What to work on ::
Give again, word for word, every line in the entries below from the line with "- by rewrite" up to and including the line with "(<<map vec [seq b <- B | pivot_class b != 0%N]>>", and no other line.

===

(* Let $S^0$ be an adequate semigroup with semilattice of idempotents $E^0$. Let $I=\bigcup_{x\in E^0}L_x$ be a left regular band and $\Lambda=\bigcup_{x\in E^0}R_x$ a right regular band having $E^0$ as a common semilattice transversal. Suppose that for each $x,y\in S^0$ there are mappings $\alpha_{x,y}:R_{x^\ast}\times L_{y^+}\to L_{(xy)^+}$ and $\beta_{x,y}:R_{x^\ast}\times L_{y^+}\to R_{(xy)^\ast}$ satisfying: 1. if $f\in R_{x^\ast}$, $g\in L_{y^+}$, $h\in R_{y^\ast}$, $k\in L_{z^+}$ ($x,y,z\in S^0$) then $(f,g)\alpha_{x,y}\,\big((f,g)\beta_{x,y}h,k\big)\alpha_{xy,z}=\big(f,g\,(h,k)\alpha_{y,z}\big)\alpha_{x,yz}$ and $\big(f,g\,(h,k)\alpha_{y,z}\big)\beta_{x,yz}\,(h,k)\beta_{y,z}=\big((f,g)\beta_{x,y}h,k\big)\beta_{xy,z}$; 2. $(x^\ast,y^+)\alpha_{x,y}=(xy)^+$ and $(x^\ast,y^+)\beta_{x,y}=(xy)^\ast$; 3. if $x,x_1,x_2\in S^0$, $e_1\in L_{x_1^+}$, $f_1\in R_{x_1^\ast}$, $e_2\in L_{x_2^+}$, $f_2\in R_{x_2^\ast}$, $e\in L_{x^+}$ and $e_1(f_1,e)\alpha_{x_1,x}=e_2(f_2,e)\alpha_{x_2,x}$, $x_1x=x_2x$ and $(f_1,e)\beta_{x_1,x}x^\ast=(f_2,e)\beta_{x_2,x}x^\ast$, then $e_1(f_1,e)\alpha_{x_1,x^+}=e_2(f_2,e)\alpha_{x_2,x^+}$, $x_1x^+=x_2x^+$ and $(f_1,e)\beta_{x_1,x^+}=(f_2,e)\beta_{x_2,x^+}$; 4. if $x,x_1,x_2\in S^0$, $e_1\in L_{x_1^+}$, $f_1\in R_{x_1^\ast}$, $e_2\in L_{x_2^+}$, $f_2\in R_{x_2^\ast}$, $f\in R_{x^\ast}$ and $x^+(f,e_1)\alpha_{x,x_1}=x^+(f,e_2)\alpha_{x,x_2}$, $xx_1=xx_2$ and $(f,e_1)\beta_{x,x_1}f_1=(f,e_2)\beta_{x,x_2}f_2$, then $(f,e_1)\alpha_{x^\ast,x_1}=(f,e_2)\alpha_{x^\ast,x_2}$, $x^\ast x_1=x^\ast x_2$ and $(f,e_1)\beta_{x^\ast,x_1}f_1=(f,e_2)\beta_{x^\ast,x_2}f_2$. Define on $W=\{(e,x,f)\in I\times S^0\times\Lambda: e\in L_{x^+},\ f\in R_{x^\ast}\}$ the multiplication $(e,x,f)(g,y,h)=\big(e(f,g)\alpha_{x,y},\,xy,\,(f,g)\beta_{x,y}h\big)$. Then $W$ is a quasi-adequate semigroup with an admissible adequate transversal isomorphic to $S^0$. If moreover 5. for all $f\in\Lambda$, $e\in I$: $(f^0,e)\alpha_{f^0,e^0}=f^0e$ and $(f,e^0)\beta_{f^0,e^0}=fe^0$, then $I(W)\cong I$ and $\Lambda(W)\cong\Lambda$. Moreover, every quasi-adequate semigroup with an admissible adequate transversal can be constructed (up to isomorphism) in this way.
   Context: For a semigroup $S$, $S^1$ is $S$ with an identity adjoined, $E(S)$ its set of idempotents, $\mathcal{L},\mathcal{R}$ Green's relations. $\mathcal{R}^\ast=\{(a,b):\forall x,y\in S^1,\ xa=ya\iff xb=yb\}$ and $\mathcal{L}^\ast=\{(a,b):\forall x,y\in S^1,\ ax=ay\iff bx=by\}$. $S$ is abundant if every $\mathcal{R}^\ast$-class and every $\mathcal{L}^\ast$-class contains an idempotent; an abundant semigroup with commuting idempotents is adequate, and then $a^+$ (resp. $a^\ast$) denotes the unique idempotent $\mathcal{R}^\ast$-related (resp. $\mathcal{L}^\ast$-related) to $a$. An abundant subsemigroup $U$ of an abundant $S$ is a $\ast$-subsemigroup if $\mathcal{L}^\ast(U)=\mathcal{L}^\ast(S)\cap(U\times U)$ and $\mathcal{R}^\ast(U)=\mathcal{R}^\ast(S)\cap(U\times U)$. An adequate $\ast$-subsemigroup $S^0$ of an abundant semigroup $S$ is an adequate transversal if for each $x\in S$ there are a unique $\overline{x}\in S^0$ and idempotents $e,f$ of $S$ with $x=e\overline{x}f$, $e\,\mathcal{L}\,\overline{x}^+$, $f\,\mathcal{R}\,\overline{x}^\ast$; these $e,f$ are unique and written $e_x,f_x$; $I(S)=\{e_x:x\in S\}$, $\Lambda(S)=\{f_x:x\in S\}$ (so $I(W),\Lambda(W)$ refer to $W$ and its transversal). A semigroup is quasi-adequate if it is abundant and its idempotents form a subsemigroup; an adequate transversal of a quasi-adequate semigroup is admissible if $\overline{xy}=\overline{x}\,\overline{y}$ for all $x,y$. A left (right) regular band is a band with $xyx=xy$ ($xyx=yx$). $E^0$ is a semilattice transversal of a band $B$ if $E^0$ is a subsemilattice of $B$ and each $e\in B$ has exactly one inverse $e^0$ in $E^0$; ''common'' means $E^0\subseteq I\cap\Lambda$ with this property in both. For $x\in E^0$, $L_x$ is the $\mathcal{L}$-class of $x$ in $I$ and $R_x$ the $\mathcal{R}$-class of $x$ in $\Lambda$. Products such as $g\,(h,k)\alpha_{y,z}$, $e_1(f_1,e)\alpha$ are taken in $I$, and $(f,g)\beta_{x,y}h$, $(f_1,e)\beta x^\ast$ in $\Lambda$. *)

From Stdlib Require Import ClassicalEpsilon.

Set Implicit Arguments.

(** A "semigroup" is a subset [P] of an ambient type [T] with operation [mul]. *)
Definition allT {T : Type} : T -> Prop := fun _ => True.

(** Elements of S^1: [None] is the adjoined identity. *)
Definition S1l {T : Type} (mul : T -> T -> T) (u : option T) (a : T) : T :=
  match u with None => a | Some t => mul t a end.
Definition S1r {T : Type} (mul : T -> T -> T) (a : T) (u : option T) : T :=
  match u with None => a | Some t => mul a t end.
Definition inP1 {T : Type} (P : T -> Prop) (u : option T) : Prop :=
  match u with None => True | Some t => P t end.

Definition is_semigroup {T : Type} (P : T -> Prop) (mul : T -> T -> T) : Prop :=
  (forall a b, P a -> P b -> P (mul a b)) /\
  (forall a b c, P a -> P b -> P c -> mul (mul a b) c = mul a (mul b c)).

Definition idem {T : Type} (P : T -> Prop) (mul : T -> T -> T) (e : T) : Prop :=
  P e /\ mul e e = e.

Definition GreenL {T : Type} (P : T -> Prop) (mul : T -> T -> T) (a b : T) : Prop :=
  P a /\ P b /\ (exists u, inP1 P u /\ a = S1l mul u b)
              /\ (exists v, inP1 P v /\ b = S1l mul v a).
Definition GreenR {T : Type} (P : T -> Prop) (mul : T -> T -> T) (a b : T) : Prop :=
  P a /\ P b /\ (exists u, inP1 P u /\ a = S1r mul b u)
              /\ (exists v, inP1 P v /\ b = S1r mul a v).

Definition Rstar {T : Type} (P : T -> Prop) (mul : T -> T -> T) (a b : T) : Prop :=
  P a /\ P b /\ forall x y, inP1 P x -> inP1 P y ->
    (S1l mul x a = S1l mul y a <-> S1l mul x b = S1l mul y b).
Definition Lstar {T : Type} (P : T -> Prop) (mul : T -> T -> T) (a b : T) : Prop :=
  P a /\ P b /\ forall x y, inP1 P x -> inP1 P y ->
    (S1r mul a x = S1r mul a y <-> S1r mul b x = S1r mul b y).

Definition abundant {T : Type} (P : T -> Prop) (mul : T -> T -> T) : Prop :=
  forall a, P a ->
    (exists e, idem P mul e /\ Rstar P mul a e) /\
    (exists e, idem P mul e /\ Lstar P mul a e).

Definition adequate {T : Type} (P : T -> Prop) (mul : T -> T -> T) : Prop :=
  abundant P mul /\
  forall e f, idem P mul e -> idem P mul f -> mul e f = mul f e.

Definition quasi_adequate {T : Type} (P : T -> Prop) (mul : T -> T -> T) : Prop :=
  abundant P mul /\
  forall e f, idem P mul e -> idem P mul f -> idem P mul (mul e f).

===

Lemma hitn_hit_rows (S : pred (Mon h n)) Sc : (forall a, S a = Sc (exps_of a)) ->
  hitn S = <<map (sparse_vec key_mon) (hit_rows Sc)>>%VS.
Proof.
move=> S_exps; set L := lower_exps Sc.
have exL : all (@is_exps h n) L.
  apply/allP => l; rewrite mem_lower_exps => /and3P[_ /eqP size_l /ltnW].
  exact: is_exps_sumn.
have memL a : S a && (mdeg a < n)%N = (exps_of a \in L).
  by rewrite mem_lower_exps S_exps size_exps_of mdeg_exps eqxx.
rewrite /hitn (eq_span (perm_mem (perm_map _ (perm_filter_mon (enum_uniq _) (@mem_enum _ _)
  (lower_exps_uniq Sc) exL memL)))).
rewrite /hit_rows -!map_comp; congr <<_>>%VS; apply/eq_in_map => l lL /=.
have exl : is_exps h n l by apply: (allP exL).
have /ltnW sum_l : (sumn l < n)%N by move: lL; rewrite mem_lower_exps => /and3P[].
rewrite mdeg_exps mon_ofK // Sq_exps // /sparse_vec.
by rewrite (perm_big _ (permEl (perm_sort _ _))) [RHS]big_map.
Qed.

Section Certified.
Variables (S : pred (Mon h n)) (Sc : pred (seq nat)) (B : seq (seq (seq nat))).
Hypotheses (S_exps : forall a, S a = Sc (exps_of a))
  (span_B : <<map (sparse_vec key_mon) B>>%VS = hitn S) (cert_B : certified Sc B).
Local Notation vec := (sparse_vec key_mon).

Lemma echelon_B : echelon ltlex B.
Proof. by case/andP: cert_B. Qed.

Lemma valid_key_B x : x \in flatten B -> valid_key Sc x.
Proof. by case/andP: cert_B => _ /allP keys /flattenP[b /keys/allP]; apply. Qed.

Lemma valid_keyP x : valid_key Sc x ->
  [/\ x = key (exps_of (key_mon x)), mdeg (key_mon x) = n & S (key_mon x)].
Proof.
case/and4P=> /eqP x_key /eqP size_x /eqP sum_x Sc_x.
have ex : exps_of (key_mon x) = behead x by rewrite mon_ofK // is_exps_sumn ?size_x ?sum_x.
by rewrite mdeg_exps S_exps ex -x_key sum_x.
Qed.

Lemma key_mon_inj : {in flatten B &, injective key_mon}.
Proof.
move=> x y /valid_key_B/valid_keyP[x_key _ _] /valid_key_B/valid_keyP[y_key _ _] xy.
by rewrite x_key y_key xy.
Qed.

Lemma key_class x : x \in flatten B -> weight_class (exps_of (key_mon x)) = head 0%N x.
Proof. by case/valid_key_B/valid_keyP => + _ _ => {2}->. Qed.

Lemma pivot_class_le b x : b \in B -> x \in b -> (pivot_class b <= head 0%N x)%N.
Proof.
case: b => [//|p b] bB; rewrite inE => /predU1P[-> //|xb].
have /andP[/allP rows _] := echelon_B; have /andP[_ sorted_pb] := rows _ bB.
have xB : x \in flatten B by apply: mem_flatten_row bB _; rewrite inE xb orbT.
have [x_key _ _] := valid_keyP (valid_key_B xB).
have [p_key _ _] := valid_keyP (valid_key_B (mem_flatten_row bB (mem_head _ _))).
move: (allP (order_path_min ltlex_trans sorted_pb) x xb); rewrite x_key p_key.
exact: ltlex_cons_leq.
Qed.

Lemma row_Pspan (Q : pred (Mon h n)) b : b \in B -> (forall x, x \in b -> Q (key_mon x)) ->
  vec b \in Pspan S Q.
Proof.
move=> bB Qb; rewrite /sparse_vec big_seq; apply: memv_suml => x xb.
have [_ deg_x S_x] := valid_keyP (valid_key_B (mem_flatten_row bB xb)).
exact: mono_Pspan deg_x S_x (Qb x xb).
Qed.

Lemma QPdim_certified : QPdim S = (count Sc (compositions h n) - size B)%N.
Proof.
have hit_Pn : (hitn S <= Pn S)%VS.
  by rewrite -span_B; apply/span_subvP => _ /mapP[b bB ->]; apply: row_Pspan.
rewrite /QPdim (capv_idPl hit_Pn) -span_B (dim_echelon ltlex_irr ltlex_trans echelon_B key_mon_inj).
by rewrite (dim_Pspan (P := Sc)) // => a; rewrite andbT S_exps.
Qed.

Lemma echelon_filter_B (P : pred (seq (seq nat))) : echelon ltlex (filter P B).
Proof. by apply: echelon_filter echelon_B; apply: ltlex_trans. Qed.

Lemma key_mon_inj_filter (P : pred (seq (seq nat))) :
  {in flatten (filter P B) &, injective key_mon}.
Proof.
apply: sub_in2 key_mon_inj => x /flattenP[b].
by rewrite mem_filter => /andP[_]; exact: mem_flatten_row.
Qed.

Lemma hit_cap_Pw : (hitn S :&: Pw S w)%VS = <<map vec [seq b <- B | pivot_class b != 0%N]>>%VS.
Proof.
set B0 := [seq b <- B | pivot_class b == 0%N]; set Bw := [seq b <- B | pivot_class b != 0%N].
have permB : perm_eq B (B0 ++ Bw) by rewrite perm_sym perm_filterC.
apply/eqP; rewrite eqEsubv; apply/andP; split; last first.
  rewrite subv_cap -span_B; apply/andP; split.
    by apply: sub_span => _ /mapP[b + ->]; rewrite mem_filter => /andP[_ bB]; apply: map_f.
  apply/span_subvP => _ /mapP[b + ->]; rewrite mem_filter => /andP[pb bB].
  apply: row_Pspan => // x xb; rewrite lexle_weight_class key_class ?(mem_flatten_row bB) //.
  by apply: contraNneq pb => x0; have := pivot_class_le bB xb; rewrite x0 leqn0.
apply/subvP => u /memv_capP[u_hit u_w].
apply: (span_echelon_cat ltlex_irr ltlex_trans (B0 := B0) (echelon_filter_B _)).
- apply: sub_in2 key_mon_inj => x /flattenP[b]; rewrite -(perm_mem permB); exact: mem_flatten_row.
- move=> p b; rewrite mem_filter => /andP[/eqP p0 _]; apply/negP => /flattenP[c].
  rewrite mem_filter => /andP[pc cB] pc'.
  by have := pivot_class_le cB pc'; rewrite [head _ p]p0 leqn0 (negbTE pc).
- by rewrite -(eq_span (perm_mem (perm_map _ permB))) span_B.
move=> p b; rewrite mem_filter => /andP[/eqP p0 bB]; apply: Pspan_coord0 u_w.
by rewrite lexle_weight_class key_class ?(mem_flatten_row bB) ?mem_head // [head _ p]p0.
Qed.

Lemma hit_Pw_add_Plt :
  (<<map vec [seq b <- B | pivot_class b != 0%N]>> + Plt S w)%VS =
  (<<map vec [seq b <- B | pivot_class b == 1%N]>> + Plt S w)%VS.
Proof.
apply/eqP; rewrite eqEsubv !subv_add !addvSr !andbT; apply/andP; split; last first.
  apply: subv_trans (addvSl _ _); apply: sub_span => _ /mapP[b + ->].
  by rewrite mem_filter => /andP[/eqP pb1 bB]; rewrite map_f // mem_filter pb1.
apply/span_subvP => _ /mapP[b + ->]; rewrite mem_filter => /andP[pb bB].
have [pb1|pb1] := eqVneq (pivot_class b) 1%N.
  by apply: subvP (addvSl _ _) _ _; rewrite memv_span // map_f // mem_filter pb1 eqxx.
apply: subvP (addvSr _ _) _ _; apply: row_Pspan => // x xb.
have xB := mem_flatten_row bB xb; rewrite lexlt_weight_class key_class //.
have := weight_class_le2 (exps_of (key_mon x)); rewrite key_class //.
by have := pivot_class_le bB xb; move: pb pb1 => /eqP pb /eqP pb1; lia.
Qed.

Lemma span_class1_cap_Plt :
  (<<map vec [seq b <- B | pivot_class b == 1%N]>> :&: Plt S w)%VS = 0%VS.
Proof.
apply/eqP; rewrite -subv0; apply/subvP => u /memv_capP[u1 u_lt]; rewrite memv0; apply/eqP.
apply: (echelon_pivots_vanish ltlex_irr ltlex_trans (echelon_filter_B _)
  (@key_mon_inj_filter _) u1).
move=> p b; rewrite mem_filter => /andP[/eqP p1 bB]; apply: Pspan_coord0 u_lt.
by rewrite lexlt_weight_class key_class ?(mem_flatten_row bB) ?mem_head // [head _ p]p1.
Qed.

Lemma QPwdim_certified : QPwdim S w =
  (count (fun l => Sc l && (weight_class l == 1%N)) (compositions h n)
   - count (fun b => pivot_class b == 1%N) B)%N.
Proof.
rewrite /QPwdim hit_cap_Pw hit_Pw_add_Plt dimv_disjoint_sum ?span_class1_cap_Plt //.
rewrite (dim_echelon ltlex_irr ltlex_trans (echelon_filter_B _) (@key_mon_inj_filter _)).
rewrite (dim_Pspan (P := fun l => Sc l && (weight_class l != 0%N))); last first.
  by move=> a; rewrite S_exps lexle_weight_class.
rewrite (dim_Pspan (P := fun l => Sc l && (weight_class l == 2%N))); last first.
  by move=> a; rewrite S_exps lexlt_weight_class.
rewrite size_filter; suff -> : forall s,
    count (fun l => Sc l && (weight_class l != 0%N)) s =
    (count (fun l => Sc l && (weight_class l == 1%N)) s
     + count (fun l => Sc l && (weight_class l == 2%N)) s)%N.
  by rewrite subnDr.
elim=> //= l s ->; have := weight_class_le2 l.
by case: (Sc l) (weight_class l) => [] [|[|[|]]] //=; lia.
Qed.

===

Result below ::
- by rewrite -(eq_span (perm_mem (perm_map _ permB))) span_B.
move=> p b; rewrite mem_filter => /andP[/eqP p0 bB]; apply: Pspan_coord0 u_w.
by rewrite lexle_weight_class key_class ?(mem_flatten_row bB) ?mem_head // [head _ p]p0.
Qed.

Lemma hit_Pw_add_Plt :
  (<<map vec [seq b <- B | pivot_class b != 0%N]>> + Plt S w)%VS =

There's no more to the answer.